WEIGH THE RISKS AND BENEFITS
Here is a list of the benefits and drawbacks to consider.
Unlock Pros
  • No monthly payments required
  • Available in
  • Flexible funding amounts
  • Can be used for debt payoff, renovations, or other expenses
Unlock Cons
  • Not available nationwide
  • Repayment may be expensive if your home value grows significantly

EquityChoice Overview

EquityChoice differentiates itself by offering a predictable repayment structure, making it easier for homeowners to understand long-term costs. While it’s available in fewer states compared to larger players, it appeals to borrowers who want clarity and simplicity. The company targets homeowners with good credit and emphasizes cost transparency, making it attractive for those cautious about hidden fees.

How it works

EquityChoice provides a lump-sum payment of $85,000 - $500,000 in exchange for a share of your home’s appreciation. The agreement is settled at sale or after 10 years.
WEIGH THE RISKS AND BENEFITS
Here is a list of the benefits and drawbacks to consider.
EquityChoice Pros
  • Predictable cost structure
  • No monthly payments
  • Competitive eligibility for qualified borrowers
EquityChoice Cons
  • Limited availability (20 states)
  • Origination or closing fees may apply 3%

Unlock vs EquityChoice: Eligibility Requirements

Eligibility differs between these two providers. Here’s how they compare:
RequirementUnlockEquityChoice
Credit Score500680
Maximum LTV80%
Property TypePrimary residences onlyPrimary residences only
LocationAvailable in 24 statesAvailable in 20 states

Fees and Terms

CriteriaUnlockEquityChoice
Investment RangeUp to $500,000$85,000 - $500,000
Term Length10 years10 years
RepaymentUpon sale or end of termUpon sale or end of term
Origination Fees3%3%
Monthly PaymentsNoneNone

Which One Is Right for You?

Unlock is best for:

  • Borrowers seeking Up to $500,000 in upfront cash
  • Homeowners comfortable with 5% - 43.75% equity share
  • Those preferring agreements up to 10 years

EquityChoice is best for:

  • Borrowers who want predictable repayment terms
  • Those who qualify with 680 credit score and LTV
  • Homeowners who want $85,000 - $500,000 without monthly payments

What Users Are Saying

Unlock has a mostly recommended SuperMoney rating, with users praising its flexibility.
EquityChoice has a rating not yet determined rating, with homeowners noting predictable terms.

Next Steps

If you’re ready to explore further:
See Unlock’s full review and apply here

Compare More Providers

Looking for other options? Explore these guides:
Not sure if either option is right for you?

Key Takeaways

  • Both Unlock and EquityChoice provide cash with no monthly payments in exchange for home appreciation.
  • Unlock: flexible funding amounts and uses.
  • EquityChoice: focuses on predictable costs and straightforward terms.
  • Always confirm eligibility, credit score requirements, and fees before applying.

FAQ

How do Unlock and EquityChoice differ in repayment terms?

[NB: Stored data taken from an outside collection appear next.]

(* Let $F=\{f_i\}_{i=1}^N$ be a uniform Parseval frame for an $n$-dimensional Hilbert space $\mathcal{H}_n$, and let $p>1$. Then $\mathrm{AE}_{\mathcal{N}}^{(1),p}(F)=\frac nN$, and the canonical dual $S_F^{-1}F$ is the unique $1$-erasure numerically optimal dual of $F$, i.e. $\zeta_{\mathcal{N}}^{(1),p}(F)=\{S_F^{-1}F\}$.
   Context: A uniform Parseval frame is a frame $\{f_i\}$ with $\sum_i|\langle f,f_i\rangle|^2=\|f\|^2$ for all $f$ and all $\|f_i\|$ equal; then $S_F=I$ and $S_F^{-1}F=F$. $G=\{g_i\}_{i=1}^N$ is a dual of $F$ if $f=\sum_i\langle f,f_i\rangle g_i$ for all $f$. The numerical radius of an operator $T$ is $\omega(T)=\sup\{|\langle Tf,f\rangle|:\|f\|=1\}$. With $T_F f=(\langle f,f_i\rangle)_i$ the analysis operator and $\mathcal{D}^{(1)}$ the $N\times N$ diagonal matrices with exactly one diagonal entry $1$ and the rest $0$, define $\mathrm{AE}_{\mathcal{N}}^{(1),p}(F,G)=\{\frac1N\sum_{D\in\mathcal{D}^{(1)}}\omega(T_G^*DT_F)^p\}^{1/p}$; here $T_G^*DT_F$ is the operator $f\mapsto\langle f,f_i\rangle g_i$, whose numerical radius is $\frac{|\langle f_i,g_i\rangle|+\|f_i\|\|g_i\|}{2}$. $\mathrm{AE}_{\mathcal{N}}^{(1),p}(F)$ is the infimum of $\mathrm{AE}_{\mathcal{N}}^{(1),p}(F,G)$ over all duals $G$, and $\zeta_{\mathcal{N}}^{(1),p}(F)$ is the set of duals attaining it. *)

(* Hilbert space H_n := 'cV[R[i]]_n
   (complex column vectors) with the standard inner product, R : realType. *)
From HB Require Import structures.
From mathcomp Require Import all_boot all_order all_algebra.
From mathcomp Require Import complex.
From mathcomp Require Import all_classical all_reals exp.
Set Implicit Arguments. Unset Strict Implicit. Unset Printing Implicit Defensive.
Import Order.TTheory GRing.Theory Num.Theory.
Local Open Scope ring_scope.
Local Open Scope classical_set_scope.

Both require repayment upon sale or after the contract term. Unlock’s term is 10 years, while EquityChoice’s is 10 years.

Do I need good credit to qualify?

Unlock generally requires 500, while EquityChoice requires 680.

Do either allow secondary or investment properties?

Both Unlock and EquityChoice primarily work with owner-occupied residences.